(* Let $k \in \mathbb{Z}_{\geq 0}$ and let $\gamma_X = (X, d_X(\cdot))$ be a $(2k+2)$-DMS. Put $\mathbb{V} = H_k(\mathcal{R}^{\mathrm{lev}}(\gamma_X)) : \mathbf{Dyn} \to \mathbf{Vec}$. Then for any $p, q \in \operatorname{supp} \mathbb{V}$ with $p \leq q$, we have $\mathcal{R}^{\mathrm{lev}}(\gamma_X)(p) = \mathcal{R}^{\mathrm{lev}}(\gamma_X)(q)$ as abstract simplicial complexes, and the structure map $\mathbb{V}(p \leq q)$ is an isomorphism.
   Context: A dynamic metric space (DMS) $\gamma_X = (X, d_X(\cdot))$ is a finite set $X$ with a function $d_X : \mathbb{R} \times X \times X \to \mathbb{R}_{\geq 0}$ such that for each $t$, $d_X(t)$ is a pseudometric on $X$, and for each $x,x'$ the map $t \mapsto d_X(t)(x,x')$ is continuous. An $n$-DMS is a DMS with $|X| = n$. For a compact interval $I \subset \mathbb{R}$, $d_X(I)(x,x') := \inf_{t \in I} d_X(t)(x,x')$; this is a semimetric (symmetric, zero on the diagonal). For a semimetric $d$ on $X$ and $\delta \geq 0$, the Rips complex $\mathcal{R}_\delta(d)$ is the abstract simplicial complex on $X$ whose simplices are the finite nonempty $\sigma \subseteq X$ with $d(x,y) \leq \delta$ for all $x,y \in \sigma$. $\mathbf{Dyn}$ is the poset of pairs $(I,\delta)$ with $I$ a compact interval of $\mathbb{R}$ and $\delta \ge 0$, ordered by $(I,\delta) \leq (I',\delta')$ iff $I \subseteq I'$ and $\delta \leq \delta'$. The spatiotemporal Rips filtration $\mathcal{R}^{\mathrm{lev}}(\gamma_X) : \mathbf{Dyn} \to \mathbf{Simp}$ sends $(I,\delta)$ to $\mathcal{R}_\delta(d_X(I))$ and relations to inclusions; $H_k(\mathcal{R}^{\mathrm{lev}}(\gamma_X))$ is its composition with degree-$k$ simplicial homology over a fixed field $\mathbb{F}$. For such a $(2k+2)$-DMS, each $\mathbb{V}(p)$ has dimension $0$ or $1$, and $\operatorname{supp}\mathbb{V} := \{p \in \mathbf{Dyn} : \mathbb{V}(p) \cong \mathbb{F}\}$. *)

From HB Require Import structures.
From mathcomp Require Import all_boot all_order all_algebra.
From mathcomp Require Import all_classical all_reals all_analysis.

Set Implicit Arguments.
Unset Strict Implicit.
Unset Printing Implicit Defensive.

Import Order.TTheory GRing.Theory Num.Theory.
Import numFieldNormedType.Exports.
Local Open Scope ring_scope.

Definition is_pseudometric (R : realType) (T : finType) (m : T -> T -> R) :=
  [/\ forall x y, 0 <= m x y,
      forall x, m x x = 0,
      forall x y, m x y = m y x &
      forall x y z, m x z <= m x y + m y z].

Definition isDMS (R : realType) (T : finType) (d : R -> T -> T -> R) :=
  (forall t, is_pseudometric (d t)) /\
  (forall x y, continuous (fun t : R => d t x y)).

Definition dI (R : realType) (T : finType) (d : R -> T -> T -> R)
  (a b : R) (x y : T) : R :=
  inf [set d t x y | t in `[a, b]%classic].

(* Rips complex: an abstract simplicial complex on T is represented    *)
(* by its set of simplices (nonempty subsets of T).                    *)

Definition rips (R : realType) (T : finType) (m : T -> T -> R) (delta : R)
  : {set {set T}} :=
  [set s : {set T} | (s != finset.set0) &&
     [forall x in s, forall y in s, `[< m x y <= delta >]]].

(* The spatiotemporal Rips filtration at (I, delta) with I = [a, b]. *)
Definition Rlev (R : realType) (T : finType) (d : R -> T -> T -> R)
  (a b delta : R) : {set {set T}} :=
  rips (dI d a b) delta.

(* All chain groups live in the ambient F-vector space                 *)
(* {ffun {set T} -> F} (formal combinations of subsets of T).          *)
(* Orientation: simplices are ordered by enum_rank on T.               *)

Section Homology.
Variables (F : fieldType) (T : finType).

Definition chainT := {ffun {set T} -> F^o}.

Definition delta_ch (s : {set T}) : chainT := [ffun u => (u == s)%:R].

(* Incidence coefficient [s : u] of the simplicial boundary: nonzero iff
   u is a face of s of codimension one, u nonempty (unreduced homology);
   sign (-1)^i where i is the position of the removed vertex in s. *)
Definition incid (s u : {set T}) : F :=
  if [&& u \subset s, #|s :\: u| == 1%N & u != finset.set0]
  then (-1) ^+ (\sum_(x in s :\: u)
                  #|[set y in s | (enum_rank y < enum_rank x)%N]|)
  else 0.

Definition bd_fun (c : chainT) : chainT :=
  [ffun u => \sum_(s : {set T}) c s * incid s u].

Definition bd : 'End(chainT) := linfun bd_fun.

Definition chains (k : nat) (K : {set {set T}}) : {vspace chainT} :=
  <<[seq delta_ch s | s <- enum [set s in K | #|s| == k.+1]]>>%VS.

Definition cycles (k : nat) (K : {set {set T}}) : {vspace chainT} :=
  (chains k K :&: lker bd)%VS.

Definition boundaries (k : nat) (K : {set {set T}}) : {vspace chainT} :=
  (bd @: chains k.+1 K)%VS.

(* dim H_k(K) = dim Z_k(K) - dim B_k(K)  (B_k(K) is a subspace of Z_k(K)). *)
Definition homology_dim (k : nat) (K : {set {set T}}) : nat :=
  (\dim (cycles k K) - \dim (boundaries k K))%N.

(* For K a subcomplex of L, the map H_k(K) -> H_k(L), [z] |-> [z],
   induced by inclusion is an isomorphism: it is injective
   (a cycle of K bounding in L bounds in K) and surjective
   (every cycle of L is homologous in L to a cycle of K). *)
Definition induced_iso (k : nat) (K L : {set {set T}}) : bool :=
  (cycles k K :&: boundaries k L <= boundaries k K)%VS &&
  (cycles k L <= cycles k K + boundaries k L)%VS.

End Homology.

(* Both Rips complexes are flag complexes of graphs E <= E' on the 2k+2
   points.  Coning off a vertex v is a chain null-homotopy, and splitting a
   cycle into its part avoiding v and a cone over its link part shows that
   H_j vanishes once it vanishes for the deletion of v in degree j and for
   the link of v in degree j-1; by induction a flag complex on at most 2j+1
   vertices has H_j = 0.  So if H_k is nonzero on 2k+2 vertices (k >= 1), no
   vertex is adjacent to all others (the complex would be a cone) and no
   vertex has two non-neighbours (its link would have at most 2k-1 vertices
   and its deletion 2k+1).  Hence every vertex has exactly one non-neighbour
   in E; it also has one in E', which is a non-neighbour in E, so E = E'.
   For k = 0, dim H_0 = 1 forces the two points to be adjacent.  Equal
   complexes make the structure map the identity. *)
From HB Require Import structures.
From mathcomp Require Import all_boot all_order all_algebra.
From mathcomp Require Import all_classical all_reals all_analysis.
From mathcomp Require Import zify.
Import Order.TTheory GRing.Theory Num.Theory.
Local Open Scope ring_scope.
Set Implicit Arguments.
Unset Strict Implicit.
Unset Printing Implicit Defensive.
...
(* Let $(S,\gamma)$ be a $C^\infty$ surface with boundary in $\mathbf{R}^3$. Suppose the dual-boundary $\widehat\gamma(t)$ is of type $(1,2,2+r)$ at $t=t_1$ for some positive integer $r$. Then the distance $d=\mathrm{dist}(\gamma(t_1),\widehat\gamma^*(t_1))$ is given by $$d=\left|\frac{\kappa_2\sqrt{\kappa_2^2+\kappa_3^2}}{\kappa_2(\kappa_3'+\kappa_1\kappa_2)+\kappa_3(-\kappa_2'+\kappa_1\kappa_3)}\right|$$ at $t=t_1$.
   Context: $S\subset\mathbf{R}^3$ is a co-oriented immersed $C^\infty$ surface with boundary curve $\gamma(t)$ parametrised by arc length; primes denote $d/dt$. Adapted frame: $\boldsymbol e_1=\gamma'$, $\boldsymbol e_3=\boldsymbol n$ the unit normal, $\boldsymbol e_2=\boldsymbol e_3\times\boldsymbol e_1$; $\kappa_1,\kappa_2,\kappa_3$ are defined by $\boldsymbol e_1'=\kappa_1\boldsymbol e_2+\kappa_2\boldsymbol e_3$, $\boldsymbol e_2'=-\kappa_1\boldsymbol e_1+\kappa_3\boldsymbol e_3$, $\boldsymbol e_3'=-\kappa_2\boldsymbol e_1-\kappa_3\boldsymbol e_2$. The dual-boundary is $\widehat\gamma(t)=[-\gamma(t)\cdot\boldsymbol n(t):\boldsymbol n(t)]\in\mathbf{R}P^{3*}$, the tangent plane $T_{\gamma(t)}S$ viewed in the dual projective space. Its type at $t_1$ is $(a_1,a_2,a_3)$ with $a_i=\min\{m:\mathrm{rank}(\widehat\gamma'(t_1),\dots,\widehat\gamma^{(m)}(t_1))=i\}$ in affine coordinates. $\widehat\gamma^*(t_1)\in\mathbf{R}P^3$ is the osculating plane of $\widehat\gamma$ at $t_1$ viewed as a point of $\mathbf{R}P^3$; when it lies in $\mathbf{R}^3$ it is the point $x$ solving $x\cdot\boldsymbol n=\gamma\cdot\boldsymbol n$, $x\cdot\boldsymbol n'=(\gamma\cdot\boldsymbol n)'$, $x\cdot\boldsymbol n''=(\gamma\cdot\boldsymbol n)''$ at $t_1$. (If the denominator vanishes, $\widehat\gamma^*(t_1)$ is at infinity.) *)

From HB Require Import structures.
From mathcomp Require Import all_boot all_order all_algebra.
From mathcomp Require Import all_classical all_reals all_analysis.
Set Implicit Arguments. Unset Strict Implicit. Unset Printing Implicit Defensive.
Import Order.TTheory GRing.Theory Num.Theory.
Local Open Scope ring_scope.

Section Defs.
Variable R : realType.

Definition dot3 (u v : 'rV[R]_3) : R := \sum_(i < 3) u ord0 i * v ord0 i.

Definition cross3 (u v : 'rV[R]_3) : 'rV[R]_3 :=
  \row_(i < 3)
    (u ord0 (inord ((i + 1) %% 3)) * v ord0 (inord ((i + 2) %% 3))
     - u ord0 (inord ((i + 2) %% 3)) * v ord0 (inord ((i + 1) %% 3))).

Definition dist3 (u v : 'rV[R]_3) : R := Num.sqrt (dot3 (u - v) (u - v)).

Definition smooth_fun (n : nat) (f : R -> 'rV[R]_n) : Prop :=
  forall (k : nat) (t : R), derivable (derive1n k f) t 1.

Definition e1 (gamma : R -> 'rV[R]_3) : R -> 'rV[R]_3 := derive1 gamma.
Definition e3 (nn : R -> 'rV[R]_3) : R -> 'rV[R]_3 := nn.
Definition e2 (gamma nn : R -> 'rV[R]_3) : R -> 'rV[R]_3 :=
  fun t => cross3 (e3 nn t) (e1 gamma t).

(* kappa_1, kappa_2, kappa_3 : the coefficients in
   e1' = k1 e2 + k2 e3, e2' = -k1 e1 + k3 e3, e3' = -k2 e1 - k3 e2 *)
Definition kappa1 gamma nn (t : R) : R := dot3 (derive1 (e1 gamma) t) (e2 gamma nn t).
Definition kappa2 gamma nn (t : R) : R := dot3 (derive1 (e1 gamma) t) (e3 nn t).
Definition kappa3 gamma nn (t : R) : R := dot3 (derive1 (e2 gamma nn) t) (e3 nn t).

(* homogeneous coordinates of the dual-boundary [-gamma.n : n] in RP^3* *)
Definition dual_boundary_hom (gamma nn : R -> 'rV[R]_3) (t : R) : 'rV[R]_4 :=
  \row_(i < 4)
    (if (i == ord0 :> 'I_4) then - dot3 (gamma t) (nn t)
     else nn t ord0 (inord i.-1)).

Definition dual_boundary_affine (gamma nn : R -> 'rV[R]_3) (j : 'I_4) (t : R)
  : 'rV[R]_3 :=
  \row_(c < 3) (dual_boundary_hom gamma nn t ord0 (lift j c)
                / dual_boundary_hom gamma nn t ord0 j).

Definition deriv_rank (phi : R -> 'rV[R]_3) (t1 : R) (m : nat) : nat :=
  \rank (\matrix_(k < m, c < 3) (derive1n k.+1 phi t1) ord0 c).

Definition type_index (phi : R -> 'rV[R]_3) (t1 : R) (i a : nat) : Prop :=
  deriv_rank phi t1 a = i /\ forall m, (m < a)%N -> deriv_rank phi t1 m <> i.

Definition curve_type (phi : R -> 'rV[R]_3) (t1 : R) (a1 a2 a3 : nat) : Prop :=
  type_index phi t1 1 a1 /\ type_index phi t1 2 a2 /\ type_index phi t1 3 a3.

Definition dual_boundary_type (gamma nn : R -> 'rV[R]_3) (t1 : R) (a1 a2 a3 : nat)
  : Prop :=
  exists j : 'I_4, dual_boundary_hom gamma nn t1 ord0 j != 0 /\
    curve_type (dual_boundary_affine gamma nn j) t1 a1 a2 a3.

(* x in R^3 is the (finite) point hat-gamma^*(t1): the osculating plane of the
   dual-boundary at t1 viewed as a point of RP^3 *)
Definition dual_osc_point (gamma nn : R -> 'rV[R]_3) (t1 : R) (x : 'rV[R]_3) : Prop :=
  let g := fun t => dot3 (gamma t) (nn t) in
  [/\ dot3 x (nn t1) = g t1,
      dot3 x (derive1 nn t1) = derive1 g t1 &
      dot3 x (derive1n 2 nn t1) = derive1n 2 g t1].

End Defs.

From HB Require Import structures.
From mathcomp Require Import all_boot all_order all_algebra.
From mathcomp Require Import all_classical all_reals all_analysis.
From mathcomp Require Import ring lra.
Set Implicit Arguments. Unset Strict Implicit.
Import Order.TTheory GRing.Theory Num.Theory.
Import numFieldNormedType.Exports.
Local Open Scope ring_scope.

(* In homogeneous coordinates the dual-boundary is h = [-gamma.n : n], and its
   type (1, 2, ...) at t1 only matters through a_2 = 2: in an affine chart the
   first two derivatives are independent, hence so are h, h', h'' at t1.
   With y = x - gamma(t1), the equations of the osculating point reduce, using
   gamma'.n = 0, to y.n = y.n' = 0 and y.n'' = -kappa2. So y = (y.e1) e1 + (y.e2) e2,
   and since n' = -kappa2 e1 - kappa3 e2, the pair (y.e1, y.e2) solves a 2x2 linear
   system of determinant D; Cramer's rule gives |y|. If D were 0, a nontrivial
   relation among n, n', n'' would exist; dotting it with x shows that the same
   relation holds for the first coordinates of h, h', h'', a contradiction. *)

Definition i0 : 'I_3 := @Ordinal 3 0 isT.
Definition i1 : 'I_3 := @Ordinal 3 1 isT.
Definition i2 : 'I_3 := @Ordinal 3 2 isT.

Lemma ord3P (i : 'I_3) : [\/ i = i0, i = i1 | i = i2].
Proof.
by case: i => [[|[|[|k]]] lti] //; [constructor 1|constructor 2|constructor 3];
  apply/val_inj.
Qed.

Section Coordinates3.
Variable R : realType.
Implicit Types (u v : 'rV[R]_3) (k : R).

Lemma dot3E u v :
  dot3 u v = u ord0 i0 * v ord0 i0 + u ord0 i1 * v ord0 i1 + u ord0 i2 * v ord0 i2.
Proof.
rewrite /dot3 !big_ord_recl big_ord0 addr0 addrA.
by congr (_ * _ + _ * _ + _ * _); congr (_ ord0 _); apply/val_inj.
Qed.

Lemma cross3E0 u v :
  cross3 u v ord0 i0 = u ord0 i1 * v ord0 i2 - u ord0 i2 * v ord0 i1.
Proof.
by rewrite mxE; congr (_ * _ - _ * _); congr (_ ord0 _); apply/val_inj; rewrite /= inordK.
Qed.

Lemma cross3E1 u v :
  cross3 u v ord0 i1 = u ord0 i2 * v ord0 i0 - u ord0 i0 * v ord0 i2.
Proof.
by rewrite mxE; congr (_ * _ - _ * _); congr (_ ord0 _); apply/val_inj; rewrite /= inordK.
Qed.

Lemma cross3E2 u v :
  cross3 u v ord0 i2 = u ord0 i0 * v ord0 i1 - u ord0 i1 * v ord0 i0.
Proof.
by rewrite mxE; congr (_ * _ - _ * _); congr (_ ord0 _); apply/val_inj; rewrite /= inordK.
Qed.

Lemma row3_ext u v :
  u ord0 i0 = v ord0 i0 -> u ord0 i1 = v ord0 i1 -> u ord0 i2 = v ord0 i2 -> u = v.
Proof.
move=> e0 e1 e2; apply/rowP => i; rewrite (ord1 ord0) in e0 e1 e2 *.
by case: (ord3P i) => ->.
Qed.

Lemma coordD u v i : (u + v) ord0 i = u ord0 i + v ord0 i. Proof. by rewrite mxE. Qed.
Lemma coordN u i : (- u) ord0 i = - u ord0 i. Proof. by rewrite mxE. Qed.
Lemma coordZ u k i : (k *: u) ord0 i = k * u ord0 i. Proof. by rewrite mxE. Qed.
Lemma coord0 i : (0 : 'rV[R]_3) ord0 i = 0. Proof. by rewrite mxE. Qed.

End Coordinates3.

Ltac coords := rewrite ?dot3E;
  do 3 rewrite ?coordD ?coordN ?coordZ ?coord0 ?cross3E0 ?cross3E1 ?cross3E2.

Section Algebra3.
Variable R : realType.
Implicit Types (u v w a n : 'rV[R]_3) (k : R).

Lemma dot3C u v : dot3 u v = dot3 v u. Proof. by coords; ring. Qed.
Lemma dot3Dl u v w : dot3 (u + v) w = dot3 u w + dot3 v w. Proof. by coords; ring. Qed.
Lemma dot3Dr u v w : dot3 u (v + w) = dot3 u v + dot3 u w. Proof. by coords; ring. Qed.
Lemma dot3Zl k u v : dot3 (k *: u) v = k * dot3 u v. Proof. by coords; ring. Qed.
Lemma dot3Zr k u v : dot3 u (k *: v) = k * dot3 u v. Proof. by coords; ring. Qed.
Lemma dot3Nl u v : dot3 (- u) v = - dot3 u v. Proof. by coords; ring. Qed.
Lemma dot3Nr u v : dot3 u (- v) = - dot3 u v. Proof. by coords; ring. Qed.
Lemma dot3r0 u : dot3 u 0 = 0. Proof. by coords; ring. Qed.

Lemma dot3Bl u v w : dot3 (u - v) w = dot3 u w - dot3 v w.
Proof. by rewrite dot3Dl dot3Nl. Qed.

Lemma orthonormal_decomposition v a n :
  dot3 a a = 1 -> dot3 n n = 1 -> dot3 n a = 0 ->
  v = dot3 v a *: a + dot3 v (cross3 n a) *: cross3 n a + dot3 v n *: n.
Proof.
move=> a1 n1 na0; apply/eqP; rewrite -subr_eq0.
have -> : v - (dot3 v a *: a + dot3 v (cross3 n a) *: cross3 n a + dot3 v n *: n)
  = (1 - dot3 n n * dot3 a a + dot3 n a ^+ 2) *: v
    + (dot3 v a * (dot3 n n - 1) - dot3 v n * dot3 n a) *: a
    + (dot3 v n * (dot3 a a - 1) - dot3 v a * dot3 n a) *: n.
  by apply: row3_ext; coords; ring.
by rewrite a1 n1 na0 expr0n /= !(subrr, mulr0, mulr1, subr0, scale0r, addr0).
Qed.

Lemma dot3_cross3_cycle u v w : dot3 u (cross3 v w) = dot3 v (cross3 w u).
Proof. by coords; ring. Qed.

## WHAT YOU NEED TO DO
Where a line of the records has the string "finType", return that line.

## FINISHED TASK
Definition is_pseudometric (R : realType) (T : finType) (m : T -> T -> R) :=
Definition isDMS (R : realType) (T : finType) (d : R -> T -> T -> R) :=
Definition dI (R : realType) (T : finType) (d : R -> T -> T -> R)
Definition rips (R : realType) (T : finType) (m : T -> T -> R) (delta : R)
Definition Rlev (R : realType) (T : finType) (d : R -> T -> T -> R)
Variables (F : fieldType) (T : finType).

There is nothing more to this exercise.